Unlawful Initial Rent Claims by a Subtenant

When a master tenant subleases the entire rental unit and does not share the rental unit with the subtenant(s), the master tenant may not charge a subtenant more rent upon initial occupancy of the subtenant than that rent which the master tenant is currently paying to the landlord. For tenancies that commenced after May 24, 1998, the master tenant is required to provide each subtenant a written disclosure of the amount of rent the master tenant is obligated to pay the landlord, prior to commencement of the subtenancy. If a subtenant believes that the initial rent paid to the master tenant, either individually or in combination with other subtenants, is more than the master tenant is paying to the landlord, he or she may file a Tenant Petition against the master tenant alleging rent overcharges. If the subtenant prevails, the Administrative Law Judge will adjust the rent and order the master tenant to refund any rent overpayments.

Tenant Summary Petitions Based on Unlawful Rent Increase

Where a tenant contends that a notice of rent increase is unlawful on its face, a tenant may file a Tenant Summary Petition. A Summary Petition must be accompanied by a copy of the landlord's notice of rent increase, a statement as to why the tenant believes the rent increase should not be allowed, and any supporting documentation. Any prior Rent Board decision affecting the tenant's rent should also be included.

The Summary Petition process does not usually require a hearing. Upon receipt of a Summary Petition, a staff person will contact the landlord if the increase is unlawful. In most cases, the landlord then gives the tenant a new notice of rent increase for the proper amount. The effective date in the new notice will set a new "anniversary date" for the tenant, and the tenant cannot be given another annual increase until one year from that date.

In contested cases or where the rent increase is not clearly unlawful, the Rent Board may schedule the Summary Petition for an evidentiary hearing.

Reports of Alleged Wrongful Eviction

If a tenant believes an eviction or attempted eviction is in violation of the Rent Ordinance, the tenant may file a Report of Alleged Wrongful Eviction on a form available from the Rent Board. The Board will then send a notice to the landlord acknowledging receipt of the tenant's report and summarizing the rights and responsibilities of the landlord and tenant regarding the eviction. The Board will also request a written response from the landlord to the tenant's allegation of wrongful eviction.

It should be noted that the filing of a Report of Alleged Wrongful Eviction with the Rent Board does NOT prevent the landlord from pursuing an eviction through the courts. Tenants are strongly advised to obtain legal counsel.

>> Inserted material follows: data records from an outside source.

(* Let $I\subset\mathbb{R}$ be an interval, let $(a_i)_{i\ge1}$ be a real sequence with all $a_i\in I$, and let $\psi:I\to\mathbb{R}$ be a non-decreasing convex function. Then $T_a\subset T_{\psi(a)}$, where $\psi(a)=(\psi(a_i))_{i\ge1}$.
   Context: For a real sequence $(x_i)$, $\Delta x_i=x_{i+1}-x_i$. ''Increasing'' means strictly increasing. For a real sequence $a=(a_i)$, $T_a$ denotes the set of increasing real sequences $t=(t_i)$ with the same index set such that $(\Delta a_i/\Delta t_i)$ is non-decreasing. *)

From Stdlib Require Import Reals.
Open Scope R_scope.

(* Sequences indexed by nat (index 0 plays the role of the paper's index 1). *)
Definition Delta (x : nat -> R) (i : nat) : R := x (S i) - x i.

Definition increasing_seq (t : nat -> R) : Prop := forall i, t i < t (S i).

Definition T_set (a : nat -> R) (t : nat -> R) : Prop :=
  increasing_seq t /\
  forall i, Delta a i / Delta t i <= Delta a (S i) / Delta t (S i).

Definition is_interval (I : R -> Prop) : Prop :=
  forall x y z, I x -> I y -> x <= z <= y -> I z.

Definition nondecreasing_on (I : R -> Prop) (f : R -> R) : Prop :=
  forall x y, I x -> I y -> x <= y -> f x <= f y.

Definition convex_on (I : R -> Prop) (f : R -> R) : Prop :=
  forall x y l, I x -> I y -> 0 <= l <= 1 ->
    f (l * x + (1 - l) * y) <= l * f x + (1 - l) * f y.

From Stdlib Require Import Reals Lra Psatz.
Open Scope R_scope.

(* Membership of t in T_a says that the ratios Delta a_i / Delta t_i
   are non-decreasing; since Delta t > 0 this is the cross-multiplied condition
   (a_{i+1} - a_i) * s' <= (a_{i+2} - a_{i+1}) * s with s, s' the two consecutive
   increments of t.  The statement is therefore local to three consecutive
   points x = a_i, y = a_{i+1}, z = a_{i+2}, and we prove it by cases on the
   signs of y - x and z - y:
   - if y - x <= 0 <= z - y, monotonicity of psi alone gives the inequality;
   - if y - x > 0 (hence also z - y > 0), we combine the hypothesis with the
     chord inequality of the convex function psi on x < y < z, using that
     psi y - psi x >= 0;
   - if z - y < 0 (hence also y - x < 0), symmetrically on z < y < x. *)

Lemma div_le_div_cross (p q s1 s2 : R) :
  0 < s1 -> 0 < s2 -> (p / s1 <= q / s2 <-> p * s2 <= q * s1).
Proof.
  intros Hs1 Hs2.
  assert (Hp : p / s1 * (s1 * s2) = p * s2) by (field; lra).
  assert (Hq : q / s2 * (s1 * s2) = q * s1) by (field; lra).
  split; intro H.
  - rewrite <- Hp, <- Hq. apply Rmult_le_compat_r; [nra | exact H].
  - apply (Rmult_le_reg_r (s1 * s2)); [nra |]. rewrite Hp, Hq. exact H.
Qed.

(* Chord inequality: for u <= v <= w in I, the slope of a convex psi on [u, v]
   is at most its slope on [v, w] (stated without division). *)
Lemma convex_chord (I : R -> Prop) (psi : R -> R) (u v w : R) :
  convex_on I psi -> I u -> I w -> u <= v <= w ->
  (psi v - psi u) * (w - v) <= (psi w - psi v) * (v - u).
Proof.
  intros Hconv Hu Hw Huvw.
  destruct (Req_dec u w) as [Euw | Nuw].
  { subst w. assert (v = u) by lra. subst v. lra. }
  (* v is the convex combination l * u + (1 - l) * w. *)
  set (l := (w - v) / (w - u)).
  assert (Hlw : l * (w - u) = w - v) by (unfold l; field; lra).
  assert (Hv : l * u + (1 - l) * w = v) by (unfold l; field; lra).
  assert (Hl : 0 <= l <= 1) by (split; nra).
  pose proof (Hconv u w l Hu Hw Hl) as Hcomb. rewrite Hv in Hcomb.
  assert (Hscaled : (w - u) * psi v <= (w - u) * (l * psi u + (1 - l) * psi w))
    by (apply Rmult_le_compat_l; lra).
  nra.
Qed.

Lemma convex_nondecreasing_step (I : R -> Prop) (psi : R -> R)
    (x y z s1 s2 : R) :
  nondecreasing_on I psi -> convex_on I psi ->
  I x -> I y -> I z -> 0 < s1 -> 0 < s2 ->
  (y - x) * s2 <= (z - y) * s1 ->
  (psi y - psi x) * s2 <= (psi z - psi y) * s1.
Proof.
  intros Hmono Hconv Ix Iy Iz Hs1 Hs2 Hslope.
  destruct (Rlt_or_le x y) as [Hxy | Hyx].
  -
    assert (Hyz : y <= z) by nra.
    assert (HA : 0 <= psi y - psi x) by (pose proof (Hmono x y Ix Iy); lra).
    pose proof (convex_chord I psi x y z Hconv Ix Iz (conj (Rlt_le _ _ Hxy) Hyz))
      as Hchord.
    apply (Rmult_le_reg_r (y - x)); [lra | nra].
  - destruct (Rlt_or_le z y) as [Hzy | Hyz].
    +
      assert (HA : psi y - psi x <= 0) by (pose proof (Hmono y x Iy Ix Hyx); lra).
      assert (Hxy : y < x) by nra.  (* forced by the slope condition *)
      pose proof (convex_chord I psi z y x Hconv Iz Ix (conj (Rlt_le _ _ Hzy) Hyx))
        as Hchord.
      apply (Rmult_le_reg_r (x - y)); [lra | nra].
    + (* y is a local minimum of the three values: psi decreases then increases *)
      pose proof (Hmono y x Iy Ix Hyx). pose proof (Hmono y z Iy Iz Hyz). nra.
Qed.

Theorem corollary3p2 (I : R -> Prop) (a : nat -> R) (psi : R -> R) :
  is_interval I ->
  (forall i, I (a i)) ->
  nondecreasing_on I psi ->
  convex_on I psi ->
  forall t : nat -> R, T_set a t -> T_set (fun i => psi (a i)) t.
Proof.
  intros _ HI Hmono Hconv t [Ht Hslopes]. split; [exact Ht |]. intro i.
  unfold Delta in *.
  assert (Hs1 : 0 < t (S i) - t i) by (pose proof (Ht i); lra).
  assert (Hs2 : 0 < t (S (S i)) - t (S i)) by (pose proof (Ht (S i)); lra).
  apply div_le_div_cross; [exact Hs1 | exact Hs2 |].
  apply (convex_nondecreasing_step I psi); auto.
  apply div_le_div_cross; [exact Hs1 | exact Hs2 | exact (Hslopes i)].
Qed.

The Rent Board staff will investigate a Report of Alleged Wrongful Eviction to determine if there is evidence of any of the following:

  • whether the landlord is evicting more than one tenant at approximately the same time;
  • whether the eviction is in retaliation for a dispute arising from a tenant's exercise of his or her rights under the Rent Ordinance;
  • whether a dispute over the proper interpretation of the Rent Ordinance is involved;
  • whether the eviction was effected by fraud or in bad faith; or
  • whether a policy issue of city-wide importance is raised.

If any of these criteria are met and there is evidence of an unlawful eviction, the matter may be scheduled for an investigatory hearing before an Administrative Law Judge. After the hearing, the Administrative Law Judge will prepare a summary of the evidence for the consideration of the Rent Board Commissioners. The Commissioners may decide to hold additional hearings, to commence legal action against the landlord, to make a referral to the District Attorney for criminal prosecution, or to take no further action. If no evidence of an unlawful eviction is found after the investigation of a Report of Alleged Wrongful Eviction, the tenant will be so informed and the case will be closed.